Material for this task: Begin
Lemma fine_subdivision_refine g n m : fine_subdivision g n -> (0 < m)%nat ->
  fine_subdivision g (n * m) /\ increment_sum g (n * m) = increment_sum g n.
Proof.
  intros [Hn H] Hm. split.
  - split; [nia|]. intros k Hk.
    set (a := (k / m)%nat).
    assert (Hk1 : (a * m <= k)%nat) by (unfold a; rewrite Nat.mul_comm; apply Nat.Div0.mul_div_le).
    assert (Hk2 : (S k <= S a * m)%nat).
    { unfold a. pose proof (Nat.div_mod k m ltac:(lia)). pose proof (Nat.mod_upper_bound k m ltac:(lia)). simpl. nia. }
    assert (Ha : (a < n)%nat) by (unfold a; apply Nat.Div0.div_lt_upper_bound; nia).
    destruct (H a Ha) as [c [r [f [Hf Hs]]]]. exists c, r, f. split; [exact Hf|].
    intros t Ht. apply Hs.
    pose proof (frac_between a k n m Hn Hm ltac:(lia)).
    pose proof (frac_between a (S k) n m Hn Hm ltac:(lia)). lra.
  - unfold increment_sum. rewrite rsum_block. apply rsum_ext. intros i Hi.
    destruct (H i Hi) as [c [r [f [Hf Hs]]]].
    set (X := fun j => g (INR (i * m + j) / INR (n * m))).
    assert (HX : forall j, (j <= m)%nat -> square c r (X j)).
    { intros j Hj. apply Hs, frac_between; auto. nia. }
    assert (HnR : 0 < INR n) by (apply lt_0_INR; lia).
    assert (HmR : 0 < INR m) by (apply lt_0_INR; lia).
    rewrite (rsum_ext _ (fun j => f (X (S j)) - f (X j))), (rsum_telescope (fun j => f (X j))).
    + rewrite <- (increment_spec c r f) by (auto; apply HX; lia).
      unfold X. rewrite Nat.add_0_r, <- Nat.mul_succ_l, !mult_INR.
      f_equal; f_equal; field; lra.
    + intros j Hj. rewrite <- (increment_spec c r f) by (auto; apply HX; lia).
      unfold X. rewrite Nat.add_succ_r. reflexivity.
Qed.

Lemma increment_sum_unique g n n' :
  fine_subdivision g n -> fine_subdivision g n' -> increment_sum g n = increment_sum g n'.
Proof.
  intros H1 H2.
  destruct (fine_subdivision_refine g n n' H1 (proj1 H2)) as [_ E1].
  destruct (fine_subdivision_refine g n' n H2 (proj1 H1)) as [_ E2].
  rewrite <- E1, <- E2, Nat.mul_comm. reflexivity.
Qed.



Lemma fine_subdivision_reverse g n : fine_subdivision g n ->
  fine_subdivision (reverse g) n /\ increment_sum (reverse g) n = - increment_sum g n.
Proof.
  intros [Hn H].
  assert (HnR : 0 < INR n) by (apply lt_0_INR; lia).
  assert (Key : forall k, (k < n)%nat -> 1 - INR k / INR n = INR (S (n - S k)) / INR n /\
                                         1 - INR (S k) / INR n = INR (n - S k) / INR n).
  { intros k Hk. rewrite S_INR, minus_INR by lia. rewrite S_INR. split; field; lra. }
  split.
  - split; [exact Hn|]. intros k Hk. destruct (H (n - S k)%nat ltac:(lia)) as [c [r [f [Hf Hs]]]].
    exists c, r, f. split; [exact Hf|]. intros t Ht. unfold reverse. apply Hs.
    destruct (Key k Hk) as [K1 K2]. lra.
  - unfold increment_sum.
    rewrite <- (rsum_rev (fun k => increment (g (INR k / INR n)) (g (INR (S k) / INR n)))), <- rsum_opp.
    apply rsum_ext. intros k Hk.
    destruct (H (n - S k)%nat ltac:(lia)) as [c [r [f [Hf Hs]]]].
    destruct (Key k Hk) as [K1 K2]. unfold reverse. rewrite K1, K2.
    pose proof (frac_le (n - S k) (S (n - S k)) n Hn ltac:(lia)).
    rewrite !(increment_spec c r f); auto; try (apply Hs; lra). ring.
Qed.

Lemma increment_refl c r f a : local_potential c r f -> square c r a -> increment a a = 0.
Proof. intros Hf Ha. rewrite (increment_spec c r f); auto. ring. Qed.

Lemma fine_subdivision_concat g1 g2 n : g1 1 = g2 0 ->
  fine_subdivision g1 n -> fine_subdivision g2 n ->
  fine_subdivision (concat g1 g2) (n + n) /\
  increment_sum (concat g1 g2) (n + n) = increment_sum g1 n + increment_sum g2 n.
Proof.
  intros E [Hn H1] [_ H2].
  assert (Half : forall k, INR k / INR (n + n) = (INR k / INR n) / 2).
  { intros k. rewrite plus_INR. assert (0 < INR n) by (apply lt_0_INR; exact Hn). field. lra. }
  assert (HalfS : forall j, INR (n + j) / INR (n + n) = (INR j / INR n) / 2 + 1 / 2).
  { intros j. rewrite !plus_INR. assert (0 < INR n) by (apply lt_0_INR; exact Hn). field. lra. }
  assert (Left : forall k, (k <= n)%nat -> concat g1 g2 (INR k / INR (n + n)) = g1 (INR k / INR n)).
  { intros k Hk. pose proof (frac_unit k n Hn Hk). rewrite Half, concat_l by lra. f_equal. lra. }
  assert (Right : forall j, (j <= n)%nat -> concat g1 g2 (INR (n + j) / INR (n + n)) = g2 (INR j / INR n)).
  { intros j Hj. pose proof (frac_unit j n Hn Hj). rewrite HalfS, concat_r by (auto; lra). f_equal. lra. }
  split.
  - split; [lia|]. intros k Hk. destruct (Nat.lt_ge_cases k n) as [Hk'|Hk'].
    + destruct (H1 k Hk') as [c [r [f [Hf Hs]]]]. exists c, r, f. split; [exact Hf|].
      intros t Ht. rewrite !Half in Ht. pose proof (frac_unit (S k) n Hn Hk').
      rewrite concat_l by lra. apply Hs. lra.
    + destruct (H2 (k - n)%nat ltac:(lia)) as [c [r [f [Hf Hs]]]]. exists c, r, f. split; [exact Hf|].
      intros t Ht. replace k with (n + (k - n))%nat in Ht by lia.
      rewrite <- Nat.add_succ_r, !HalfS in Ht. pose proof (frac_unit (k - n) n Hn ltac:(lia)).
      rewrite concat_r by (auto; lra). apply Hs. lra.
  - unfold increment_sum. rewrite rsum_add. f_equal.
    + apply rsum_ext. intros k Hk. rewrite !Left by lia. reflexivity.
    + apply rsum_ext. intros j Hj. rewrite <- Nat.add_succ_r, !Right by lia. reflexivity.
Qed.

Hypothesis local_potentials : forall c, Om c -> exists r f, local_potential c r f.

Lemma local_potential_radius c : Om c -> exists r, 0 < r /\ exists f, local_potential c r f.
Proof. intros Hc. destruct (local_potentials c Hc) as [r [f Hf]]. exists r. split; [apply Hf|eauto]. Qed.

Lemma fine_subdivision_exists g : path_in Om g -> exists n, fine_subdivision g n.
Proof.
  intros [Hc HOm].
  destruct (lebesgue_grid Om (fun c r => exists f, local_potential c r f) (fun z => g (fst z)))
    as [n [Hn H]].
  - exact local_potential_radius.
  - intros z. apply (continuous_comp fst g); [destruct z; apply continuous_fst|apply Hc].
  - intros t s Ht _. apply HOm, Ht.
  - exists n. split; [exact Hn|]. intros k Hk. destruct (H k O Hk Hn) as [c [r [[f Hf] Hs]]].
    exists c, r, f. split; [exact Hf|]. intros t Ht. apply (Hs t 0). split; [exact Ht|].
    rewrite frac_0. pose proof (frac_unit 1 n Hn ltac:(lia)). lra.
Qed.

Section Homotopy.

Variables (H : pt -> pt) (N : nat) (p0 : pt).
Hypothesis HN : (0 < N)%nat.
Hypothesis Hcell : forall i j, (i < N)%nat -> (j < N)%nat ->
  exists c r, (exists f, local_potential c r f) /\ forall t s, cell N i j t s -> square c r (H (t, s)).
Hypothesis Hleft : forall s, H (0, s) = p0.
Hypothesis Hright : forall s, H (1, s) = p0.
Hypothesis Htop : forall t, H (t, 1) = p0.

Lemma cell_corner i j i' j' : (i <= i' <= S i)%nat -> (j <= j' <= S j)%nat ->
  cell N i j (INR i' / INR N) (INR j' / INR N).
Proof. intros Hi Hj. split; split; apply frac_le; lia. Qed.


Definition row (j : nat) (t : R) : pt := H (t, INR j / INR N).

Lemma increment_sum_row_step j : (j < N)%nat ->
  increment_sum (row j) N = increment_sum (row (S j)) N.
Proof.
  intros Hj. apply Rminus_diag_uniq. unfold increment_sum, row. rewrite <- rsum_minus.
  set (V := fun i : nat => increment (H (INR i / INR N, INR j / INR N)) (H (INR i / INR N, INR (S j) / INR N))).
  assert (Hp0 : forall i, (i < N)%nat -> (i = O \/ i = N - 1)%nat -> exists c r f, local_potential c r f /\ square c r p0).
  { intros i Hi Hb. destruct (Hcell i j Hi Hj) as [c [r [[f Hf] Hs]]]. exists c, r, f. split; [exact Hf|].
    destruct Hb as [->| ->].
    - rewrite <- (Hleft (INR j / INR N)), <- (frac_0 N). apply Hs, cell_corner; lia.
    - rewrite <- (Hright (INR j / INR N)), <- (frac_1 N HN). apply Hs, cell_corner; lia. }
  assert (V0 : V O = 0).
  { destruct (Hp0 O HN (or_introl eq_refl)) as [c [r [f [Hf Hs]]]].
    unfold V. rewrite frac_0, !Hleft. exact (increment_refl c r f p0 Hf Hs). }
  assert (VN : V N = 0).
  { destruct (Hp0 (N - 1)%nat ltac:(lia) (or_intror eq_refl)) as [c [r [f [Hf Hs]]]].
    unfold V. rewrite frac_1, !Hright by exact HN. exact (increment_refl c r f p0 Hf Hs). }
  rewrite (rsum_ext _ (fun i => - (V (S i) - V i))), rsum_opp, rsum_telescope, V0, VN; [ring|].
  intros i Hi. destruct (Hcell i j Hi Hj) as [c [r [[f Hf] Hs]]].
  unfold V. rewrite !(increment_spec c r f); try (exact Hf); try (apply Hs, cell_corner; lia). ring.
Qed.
Material for this task: End
§ **About this task**
Please output the lines of the listing above that fall in the stretch from the one with "- exact local_potential_radius." through the one with "intros Hj. apply", exactly and only those.

§ **Output of the exercise**
  - exact local_potential_radius.
  - intros z. apply (continuous_comp fst g); [destruct z; apply continuous_fst|apply Hc].
  - intros t s Ht _. apply HOm, Ht.
  - exists n. split; [exact Hn|]. intros k Hk. destruct (H k O Hk Hn) as [c [r [[f Hf] Hs]]].
    exists c, r, f. split; [exact Hf|]. intros t Ht. apply (Hs t 0). split; [exact Ht|].
    rewrite frac_0. pose proof (frac_unit 1 n Hn ltac:(lia)). lra.
Qed.

Section Homotopy.

Variables (H : pt -> pt) (N : nat) (p0 : pt).
Hypothesis HN : (0 < N)%nat.
Hypothesis Hcell : forall i j, (i < N)%nat -> (j < N)%nat ->
  exists c r, (exists f, local_potential c r f) /\ forall t s, cell N i j t s -> square c r (H (t, s)).
Hypothesis Hleft : forall s, H (0, s) = p0.
Hypothesis Hright : forall s, H (1, s) = p0.
Hypothesis Htop : forall t, H (t, 1) = p0.

Lemma cell_corner i j i' j' : (i <= i' <= S i)%nat -> (j <= j' <= S j)%nat ->
  cell N i j (INR i' / INR N) (INR j' / INR N).
Proof. intros Hi Hj. split; split; apply frac_le; lia. Qed.


Definition row (j : nat) (t : R) : pt := H (t, INR j / INR N).

Lemma increment_sum_row_step j : (j < N)%nat ->
  increment_sum (row j) N = increment_sum (row (S j)) N.
Proof.
  intros Hj. apply Rminus_diag_uniq. unfold increment_sum, row. rewrite <- rsum_minus.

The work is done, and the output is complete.